=== SUPPLIED MATERIAL ===

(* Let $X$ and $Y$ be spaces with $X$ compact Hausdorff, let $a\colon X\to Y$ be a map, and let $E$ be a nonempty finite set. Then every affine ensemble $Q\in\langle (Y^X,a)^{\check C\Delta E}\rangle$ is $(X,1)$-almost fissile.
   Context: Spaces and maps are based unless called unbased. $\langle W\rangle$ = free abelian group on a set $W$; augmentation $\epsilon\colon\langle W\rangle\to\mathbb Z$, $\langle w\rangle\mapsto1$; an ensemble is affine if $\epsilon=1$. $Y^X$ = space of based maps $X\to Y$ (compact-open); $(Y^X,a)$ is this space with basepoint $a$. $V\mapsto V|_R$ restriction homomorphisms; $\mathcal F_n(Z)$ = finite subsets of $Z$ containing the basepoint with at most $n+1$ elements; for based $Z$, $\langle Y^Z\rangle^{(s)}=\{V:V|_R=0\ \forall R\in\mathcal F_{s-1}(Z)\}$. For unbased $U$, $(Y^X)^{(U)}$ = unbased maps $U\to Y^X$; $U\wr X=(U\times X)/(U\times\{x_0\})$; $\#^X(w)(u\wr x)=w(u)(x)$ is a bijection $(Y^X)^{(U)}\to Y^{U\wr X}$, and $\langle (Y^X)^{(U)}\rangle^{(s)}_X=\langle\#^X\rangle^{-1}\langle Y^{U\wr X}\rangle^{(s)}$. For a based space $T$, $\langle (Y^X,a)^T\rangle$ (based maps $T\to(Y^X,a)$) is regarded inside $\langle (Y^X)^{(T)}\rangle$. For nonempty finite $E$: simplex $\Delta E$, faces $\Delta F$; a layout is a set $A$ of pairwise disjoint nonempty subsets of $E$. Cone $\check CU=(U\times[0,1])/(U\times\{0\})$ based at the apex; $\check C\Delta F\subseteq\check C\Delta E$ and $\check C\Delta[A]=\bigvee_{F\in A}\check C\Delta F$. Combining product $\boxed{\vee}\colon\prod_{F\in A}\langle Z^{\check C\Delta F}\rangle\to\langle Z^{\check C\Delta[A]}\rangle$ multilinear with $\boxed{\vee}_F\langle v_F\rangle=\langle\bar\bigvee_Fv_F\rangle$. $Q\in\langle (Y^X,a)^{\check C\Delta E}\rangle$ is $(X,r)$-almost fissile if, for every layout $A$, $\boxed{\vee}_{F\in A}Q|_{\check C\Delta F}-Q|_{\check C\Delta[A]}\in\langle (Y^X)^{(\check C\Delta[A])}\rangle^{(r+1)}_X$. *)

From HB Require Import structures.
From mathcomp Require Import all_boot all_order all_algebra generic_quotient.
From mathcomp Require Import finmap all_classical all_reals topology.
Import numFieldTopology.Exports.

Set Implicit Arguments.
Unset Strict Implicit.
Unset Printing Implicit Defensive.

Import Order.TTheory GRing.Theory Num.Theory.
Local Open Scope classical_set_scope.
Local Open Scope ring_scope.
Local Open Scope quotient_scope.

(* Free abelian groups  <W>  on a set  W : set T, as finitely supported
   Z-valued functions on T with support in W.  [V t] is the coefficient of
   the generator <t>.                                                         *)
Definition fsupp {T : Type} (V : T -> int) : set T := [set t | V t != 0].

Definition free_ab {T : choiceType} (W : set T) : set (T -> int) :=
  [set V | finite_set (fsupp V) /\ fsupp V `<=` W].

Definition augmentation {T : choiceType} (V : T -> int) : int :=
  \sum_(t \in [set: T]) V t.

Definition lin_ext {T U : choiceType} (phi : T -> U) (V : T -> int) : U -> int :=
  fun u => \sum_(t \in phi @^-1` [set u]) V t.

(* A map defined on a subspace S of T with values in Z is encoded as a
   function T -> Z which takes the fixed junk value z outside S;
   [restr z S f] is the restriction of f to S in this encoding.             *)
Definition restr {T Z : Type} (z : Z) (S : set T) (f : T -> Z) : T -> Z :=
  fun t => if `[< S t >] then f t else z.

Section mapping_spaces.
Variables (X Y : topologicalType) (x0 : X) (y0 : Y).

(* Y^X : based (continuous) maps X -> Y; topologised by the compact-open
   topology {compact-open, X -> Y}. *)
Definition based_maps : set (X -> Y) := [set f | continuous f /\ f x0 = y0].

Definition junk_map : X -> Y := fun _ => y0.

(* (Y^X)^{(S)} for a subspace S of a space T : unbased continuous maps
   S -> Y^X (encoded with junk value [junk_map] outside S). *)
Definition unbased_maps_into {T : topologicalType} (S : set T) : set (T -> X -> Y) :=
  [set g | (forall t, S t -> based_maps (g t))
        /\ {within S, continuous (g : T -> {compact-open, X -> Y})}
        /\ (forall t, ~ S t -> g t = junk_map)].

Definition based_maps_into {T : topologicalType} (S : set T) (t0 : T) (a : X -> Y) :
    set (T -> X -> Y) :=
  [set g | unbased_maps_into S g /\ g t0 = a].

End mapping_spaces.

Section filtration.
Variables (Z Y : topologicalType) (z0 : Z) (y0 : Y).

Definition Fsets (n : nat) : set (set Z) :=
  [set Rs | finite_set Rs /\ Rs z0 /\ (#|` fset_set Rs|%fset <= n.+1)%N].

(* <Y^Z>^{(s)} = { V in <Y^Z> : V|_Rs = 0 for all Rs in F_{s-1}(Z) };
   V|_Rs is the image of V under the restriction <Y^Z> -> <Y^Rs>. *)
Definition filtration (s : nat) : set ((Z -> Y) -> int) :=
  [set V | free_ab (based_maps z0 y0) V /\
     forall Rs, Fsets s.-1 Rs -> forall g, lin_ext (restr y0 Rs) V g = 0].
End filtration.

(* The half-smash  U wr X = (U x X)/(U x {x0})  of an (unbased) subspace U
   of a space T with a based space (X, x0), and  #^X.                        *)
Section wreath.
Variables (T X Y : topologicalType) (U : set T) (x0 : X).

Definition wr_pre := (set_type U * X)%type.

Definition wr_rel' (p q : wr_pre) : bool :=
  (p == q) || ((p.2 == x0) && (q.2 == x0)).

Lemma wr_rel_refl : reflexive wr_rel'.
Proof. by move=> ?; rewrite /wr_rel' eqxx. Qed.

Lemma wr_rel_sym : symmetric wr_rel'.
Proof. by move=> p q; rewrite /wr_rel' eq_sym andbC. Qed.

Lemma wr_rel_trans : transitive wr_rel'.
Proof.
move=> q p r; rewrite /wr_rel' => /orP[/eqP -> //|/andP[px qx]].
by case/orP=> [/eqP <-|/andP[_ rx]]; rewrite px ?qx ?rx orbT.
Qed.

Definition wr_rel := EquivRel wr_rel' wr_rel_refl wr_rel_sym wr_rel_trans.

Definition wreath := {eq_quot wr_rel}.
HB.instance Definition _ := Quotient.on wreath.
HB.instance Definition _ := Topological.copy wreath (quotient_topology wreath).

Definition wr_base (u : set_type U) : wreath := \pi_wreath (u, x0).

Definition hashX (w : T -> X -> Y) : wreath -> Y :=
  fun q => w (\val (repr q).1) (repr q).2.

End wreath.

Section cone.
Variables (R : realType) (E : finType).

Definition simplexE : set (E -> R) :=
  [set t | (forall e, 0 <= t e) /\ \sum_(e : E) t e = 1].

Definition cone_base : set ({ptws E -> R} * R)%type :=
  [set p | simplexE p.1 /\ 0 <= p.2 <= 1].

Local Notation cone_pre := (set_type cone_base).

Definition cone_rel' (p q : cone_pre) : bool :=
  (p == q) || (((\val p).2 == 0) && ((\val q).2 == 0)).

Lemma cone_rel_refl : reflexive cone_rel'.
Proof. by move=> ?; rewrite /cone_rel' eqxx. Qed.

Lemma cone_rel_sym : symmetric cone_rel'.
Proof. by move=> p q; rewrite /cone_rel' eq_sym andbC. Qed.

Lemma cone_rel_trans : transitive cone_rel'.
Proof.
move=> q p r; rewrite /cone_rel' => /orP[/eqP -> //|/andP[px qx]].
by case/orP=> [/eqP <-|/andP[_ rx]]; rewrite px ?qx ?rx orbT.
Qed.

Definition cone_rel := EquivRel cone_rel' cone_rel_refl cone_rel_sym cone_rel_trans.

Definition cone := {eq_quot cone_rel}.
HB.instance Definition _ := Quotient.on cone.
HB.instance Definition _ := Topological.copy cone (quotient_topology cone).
--
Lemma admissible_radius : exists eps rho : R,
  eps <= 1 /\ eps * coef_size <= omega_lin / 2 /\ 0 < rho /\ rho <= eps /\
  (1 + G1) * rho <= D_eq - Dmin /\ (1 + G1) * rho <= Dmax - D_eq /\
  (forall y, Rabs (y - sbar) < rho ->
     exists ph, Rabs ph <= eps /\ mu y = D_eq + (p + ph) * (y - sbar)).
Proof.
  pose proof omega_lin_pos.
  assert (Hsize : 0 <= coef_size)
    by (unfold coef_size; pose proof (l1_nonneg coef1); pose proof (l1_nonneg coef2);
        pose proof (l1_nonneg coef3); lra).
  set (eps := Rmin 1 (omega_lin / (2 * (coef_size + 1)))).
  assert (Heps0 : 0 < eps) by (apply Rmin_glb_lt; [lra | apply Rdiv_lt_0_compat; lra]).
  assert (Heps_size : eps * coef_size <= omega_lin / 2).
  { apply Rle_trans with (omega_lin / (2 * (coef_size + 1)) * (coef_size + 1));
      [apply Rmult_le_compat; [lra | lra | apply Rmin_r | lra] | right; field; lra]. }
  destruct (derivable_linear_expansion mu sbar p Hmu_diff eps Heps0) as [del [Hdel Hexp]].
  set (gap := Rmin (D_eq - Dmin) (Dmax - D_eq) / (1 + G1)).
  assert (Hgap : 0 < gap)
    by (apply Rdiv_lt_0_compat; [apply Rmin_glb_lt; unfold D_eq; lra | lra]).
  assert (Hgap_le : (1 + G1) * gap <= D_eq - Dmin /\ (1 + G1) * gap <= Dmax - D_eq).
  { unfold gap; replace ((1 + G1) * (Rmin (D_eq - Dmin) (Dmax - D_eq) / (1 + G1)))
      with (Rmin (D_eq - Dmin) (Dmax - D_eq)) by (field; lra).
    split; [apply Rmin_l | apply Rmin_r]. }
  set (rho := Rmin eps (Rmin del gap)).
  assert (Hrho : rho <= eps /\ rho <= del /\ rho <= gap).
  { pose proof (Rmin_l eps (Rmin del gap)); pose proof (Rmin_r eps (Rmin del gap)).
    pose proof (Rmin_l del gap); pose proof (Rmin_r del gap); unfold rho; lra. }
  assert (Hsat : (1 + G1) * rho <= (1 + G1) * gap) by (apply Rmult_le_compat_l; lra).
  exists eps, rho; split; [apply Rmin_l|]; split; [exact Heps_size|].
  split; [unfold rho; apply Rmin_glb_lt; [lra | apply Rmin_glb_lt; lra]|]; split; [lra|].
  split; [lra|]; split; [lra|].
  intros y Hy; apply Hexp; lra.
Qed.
==
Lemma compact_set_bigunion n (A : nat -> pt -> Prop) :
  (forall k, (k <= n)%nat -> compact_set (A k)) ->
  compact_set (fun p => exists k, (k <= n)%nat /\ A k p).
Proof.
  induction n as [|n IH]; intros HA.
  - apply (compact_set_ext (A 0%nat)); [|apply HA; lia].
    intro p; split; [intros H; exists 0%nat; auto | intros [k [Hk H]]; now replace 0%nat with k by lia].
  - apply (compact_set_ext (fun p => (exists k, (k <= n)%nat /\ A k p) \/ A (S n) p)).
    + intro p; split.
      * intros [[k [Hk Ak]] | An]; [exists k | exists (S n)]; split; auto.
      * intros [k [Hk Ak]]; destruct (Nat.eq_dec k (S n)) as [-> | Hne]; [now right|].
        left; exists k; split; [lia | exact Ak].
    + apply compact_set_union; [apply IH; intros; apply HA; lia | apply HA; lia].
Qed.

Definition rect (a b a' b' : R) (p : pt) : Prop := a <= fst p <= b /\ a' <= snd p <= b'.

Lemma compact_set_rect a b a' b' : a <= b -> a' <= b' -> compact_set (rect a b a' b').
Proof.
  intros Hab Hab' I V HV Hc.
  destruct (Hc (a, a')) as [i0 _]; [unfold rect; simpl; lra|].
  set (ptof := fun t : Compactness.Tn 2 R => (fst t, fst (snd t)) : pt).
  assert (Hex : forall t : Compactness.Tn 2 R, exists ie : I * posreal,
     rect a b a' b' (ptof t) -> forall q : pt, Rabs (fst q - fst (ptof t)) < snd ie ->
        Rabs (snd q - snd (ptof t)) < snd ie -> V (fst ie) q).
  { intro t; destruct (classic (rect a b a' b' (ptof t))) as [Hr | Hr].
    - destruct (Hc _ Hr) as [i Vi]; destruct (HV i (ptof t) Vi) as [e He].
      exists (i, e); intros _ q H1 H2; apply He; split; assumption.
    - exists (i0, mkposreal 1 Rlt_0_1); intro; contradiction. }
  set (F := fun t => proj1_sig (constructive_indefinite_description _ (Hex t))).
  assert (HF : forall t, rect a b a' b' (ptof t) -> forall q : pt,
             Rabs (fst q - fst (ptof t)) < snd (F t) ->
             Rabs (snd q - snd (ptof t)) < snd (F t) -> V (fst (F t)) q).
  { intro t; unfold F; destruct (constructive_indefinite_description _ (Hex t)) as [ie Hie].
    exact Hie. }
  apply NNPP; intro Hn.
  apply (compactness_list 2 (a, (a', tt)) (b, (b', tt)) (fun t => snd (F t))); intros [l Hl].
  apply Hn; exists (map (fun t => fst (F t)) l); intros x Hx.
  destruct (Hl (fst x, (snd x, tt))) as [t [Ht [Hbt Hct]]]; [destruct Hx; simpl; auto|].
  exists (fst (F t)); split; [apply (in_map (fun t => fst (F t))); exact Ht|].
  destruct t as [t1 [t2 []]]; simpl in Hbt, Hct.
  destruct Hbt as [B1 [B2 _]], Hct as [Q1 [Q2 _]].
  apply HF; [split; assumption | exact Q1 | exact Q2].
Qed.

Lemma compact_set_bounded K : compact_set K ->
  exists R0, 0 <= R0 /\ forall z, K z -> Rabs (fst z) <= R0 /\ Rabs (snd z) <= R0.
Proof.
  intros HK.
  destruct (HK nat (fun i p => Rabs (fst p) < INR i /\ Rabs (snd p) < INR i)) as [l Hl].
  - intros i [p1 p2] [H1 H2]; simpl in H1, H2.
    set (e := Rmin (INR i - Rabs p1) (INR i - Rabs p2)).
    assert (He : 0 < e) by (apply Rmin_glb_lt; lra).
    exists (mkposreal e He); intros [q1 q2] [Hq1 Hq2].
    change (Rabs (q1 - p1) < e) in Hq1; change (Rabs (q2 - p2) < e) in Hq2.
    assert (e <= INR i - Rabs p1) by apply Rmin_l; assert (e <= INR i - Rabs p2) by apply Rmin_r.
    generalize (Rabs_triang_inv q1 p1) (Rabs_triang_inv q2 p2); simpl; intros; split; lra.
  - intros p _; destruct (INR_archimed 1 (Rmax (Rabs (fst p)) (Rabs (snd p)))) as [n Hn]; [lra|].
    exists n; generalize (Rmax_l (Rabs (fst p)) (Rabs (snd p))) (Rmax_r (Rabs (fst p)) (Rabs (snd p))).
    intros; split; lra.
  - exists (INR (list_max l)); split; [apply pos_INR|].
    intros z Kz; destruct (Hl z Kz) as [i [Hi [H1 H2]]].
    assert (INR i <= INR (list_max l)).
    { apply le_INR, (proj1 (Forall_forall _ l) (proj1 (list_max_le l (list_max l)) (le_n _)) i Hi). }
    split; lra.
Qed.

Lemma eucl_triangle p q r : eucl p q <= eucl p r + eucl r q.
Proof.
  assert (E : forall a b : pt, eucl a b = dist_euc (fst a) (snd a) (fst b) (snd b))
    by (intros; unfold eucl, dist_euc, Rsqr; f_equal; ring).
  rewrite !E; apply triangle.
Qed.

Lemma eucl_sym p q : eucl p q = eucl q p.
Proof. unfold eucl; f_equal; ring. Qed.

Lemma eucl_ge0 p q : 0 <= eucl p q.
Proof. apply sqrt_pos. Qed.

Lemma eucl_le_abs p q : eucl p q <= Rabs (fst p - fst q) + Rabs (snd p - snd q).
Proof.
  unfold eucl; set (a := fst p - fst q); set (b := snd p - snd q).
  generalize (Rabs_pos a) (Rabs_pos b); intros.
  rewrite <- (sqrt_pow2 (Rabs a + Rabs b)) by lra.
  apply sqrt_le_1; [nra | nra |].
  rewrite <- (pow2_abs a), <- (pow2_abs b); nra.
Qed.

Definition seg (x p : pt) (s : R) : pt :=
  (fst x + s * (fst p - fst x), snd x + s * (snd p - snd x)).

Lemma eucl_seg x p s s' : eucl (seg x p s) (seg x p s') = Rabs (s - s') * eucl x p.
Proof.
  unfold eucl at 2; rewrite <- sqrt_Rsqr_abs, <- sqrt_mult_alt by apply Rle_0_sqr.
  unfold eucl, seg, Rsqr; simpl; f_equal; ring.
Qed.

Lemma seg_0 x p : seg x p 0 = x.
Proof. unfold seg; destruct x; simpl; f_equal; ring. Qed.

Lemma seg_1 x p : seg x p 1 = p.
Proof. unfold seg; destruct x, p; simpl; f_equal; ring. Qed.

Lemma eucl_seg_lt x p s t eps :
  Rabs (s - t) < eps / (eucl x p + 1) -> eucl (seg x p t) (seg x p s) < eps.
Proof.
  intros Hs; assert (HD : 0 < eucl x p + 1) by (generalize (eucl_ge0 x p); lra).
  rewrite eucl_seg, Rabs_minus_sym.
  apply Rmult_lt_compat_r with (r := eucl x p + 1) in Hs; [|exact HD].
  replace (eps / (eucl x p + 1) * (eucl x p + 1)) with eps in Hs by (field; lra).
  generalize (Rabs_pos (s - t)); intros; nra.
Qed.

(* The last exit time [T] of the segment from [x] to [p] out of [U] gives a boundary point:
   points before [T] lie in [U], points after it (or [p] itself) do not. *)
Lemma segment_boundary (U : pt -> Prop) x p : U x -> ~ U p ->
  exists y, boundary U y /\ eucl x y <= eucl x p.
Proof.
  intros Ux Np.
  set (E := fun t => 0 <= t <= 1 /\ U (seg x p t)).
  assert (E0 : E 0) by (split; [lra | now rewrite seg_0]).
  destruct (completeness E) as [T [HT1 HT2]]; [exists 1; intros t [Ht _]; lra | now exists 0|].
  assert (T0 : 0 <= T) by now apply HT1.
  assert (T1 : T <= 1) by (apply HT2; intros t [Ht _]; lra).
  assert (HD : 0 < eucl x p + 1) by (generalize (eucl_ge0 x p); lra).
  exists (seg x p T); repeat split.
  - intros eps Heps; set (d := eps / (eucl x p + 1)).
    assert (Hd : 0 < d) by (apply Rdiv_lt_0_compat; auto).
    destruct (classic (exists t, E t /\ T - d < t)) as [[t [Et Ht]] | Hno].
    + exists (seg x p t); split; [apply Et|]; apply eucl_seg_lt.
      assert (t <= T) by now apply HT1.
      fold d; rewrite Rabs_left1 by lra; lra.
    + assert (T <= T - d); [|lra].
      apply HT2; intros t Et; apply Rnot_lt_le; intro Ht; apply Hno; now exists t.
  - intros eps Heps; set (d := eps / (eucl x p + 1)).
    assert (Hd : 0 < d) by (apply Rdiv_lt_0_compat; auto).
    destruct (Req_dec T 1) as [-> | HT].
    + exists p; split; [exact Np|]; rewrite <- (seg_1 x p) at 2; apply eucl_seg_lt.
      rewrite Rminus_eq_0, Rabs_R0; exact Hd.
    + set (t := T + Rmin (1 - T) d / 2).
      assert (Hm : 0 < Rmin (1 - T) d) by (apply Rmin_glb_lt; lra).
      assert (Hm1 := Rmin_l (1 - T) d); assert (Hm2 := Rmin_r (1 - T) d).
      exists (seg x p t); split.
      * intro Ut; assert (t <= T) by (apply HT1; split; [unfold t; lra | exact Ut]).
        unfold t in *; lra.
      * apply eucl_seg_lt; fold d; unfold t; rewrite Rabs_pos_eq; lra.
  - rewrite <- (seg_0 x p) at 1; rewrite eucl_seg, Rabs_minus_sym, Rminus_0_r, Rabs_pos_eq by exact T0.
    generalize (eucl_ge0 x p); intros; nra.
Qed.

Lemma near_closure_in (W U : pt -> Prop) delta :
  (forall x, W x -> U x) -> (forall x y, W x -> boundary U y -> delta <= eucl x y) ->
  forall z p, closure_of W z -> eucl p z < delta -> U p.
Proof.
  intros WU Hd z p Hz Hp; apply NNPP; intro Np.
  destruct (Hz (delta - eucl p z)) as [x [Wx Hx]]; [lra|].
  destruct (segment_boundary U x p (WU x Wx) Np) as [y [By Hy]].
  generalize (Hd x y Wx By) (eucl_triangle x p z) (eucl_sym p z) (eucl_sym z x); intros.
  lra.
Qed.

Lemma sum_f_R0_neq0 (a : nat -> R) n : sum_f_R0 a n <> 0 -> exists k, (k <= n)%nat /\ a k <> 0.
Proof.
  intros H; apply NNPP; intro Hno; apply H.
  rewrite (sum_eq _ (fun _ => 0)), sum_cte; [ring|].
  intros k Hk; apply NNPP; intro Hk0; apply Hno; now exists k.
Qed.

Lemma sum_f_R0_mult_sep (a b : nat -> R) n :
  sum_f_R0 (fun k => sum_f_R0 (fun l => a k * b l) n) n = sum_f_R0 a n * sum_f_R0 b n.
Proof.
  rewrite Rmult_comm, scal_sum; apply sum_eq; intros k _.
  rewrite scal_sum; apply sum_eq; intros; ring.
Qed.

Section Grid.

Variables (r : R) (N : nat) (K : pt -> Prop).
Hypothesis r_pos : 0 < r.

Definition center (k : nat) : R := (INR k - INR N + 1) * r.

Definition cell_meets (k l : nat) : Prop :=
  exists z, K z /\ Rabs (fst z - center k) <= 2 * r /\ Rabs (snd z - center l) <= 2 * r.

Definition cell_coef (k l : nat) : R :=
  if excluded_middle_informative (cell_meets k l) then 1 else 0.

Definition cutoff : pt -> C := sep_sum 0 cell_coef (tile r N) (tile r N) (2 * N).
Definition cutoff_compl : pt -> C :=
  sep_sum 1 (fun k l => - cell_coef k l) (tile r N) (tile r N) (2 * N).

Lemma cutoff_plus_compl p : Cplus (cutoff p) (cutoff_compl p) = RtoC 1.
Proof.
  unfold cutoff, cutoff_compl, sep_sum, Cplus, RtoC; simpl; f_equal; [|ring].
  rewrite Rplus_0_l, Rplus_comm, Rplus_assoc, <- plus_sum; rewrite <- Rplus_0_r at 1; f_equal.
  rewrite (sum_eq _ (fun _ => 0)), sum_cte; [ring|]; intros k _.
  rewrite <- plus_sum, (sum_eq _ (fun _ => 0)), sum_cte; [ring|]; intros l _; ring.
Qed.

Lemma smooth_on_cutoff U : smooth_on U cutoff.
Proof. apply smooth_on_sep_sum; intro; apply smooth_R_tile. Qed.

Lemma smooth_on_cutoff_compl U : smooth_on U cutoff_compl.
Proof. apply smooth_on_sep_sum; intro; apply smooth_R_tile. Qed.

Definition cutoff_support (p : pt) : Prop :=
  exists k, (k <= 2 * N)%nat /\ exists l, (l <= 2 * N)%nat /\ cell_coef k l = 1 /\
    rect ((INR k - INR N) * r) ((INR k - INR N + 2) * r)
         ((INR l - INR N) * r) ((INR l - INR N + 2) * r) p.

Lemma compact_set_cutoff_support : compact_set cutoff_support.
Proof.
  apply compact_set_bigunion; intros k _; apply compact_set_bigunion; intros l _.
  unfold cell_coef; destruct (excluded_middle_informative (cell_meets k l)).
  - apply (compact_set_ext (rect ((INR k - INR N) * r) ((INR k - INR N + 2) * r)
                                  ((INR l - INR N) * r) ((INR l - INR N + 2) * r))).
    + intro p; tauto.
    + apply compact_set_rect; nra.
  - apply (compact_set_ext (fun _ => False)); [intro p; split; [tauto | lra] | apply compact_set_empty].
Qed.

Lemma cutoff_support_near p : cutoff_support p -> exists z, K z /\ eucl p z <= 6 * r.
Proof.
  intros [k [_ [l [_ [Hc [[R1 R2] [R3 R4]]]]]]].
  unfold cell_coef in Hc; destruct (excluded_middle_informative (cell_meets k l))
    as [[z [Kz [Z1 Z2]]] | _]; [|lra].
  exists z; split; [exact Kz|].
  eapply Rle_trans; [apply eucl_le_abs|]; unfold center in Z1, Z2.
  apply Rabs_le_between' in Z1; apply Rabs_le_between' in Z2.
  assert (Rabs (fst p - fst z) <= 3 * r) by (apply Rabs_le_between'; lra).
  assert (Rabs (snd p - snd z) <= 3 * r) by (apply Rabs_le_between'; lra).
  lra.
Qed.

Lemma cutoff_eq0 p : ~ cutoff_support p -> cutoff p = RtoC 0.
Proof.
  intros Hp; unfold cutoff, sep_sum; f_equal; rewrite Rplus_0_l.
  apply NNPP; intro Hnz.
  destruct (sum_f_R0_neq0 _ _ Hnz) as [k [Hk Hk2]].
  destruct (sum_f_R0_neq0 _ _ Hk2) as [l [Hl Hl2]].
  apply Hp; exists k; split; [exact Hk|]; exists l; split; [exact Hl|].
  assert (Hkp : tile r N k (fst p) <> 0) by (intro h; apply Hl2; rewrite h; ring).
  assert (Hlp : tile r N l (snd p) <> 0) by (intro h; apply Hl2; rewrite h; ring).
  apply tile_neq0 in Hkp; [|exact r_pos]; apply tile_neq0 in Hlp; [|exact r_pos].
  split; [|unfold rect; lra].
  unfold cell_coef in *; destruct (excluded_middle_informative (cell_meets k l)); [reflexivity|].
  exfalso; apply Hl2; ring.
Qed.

=== WHAT IS EXPECTED ===
An exact copy of the lines above, from the one containing "Unset Printing Implicit Defensive." down to the one containing "(* Free abelian" and including both, is the whole answer; retype it and nothing else.

=== SOLUTION FOR THIS PROBLEM ===
Unset Printing Implicit Defensive.

Import Order.TTheory GRing.Theory Num.Theory.
Local Open Scope classical_set_scope.
Local Open Scope ring_scope.
Local Open Scope quotient_scope.

(* Free abelian groups  <W>  on a set  W : set T, as finitely supported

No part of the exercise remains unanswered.